§ Exercise details: Answer with a number only, giving how many lines in the data below include "andP".

§ Records to use:
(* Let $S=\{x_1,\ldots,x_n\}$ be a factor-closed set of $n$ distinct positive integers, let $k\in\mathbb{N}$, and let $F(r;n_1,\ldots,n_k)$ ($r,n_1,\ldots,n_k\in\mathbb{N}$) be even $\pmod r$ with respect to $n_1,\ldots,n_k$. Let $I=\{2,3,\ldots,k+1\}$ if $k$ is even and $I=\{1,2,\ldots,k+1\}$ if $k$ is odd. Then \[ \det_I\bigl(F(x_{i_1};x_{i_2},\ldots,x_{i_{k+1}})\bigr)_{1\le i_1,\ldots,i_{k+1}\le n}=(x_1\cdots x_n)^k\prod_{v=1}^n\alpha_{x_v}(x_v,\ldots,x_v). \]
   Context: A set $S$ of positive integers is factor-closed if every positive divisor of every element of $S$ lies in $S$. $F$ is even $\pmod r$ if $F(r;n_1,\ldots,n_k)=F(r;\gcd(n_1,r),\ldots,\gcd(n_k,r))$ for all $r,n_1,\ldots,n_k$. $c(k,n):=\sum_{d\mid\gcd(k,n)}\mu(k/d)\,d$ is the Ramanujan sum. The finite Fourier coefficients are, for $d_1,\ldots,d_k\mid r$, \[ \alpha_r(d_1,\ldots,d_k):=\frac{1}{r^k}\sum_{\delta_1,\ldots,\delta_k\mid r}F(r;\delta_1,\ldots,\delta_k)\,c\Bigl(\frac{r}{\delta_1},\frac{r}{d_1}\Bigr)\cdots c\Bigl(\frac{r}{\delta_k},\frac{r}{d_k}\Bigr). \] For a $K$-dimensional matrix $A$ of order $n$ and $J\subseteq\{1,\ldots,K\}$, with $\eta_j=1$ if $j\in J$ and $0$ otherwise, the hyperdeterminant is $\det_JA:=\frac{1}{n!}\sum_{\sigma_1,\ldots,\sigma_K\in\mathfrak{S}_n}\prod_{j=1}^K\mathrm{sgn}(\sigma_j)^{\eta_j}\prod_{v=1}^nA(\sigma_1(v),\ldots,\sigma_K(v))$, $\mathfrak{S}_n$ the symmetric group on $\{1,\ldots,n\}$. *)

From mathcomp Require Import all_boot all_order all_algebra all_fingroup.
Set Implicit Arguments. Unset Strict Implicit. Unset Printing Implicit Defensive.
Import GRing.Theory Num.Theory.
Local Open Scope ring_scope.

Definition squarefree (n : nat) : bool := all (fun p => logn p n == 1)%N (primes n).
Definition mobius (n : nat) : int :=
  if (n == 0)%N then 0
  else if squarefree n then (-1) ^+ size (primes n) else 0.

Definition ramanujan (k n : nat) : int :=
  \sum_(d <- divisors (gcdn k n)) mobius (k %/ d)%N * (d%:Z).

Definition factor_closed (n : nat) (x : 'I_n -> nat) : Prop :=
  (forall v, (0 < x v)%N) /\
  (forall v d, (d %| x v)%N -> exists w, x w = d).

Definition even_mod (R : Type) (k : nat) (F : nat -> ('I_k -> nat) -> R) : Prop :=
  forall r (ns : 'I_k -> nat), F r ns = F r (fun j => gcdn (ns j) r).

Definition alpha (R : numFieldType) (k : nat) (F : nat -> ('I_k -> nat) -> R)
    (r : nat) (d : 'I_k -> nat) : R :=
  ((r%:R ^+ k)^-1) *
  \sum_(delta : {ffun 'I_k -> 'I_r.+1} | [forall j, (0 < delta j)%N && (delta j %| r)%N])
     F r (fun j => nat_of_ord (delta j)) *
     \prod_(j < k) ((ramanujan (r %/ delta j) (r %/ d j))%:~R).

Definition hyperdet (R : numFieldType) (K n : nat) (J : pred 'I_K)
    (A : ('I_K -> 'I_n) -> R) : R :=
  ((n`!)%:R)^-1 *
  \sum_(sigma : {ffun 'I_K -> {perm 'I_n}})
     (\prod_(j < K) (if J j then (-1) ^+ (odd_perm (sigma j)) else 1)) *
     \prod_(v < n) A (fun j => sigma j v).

==

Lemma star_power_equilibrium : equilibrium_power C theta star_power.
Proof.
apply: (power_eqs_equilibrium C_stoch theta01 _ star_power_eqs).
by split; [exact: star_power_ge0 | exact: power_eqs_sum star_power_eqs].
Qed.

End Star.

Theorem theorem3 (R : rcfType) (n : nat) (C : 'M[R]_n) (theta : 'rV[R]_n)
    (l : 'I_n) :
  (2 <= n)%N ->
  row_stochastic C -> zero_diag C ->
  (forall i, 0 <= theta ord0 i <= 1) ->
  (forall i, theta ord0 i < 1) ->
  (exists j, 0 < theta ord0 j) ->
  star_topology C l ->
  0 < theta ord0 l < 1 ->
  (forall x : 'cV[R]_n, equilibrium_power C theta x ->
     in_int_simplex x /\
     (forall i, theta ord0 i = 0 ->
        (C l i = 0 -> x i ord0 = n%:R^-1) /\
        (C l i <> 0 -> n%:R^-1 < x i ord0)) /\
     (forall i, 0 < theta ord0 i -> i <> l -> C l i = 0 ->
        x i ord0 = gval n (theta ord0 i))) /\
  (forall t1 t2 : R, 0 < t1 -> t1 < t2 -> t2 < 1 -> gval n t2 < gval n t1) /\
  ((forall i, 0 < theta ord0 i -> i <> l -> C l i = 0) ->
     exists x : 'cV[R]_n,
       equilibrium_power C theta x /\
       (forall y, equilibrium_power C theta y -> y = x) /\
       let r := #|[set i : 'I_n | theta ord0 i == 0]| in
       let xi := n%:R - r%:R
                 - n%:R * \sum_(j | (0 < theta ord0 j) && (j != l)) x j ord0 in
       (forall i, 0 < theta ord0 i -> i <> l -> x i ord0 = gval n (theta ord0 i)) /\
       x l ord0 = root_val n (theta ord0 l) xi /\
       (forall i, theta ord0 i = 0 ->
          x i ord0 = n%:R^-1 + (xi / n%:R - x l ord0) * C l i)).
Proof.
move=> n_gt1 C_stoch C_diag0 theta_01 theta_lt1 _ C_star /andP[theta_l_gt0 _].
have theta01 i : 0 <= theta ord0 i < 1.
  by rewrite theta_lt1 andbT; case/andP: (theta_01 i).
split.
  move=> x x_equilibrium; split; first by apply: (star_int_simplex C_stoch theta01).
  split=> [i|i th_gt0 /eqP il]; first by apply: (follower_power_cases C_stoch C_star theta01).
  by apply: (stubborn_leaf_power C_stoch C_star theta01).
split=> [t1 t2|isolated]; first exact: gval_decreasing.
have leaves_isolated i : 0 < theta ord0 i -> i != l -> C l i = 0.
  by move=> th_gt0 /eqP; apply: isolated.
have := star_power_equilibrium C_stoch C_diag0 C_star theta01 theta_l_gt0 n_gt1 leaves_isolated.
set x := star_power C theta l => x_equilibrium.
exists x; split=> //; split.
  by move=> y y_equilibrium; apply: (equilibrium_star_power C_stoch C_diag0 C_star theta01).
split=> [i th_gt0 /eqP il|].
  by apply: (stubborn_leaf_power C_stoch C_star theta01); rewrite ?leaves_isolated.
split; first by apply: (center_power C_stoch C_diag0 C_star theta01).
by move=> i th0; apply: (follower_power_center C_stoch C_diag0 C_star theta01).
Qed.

§ Answer for the task: 2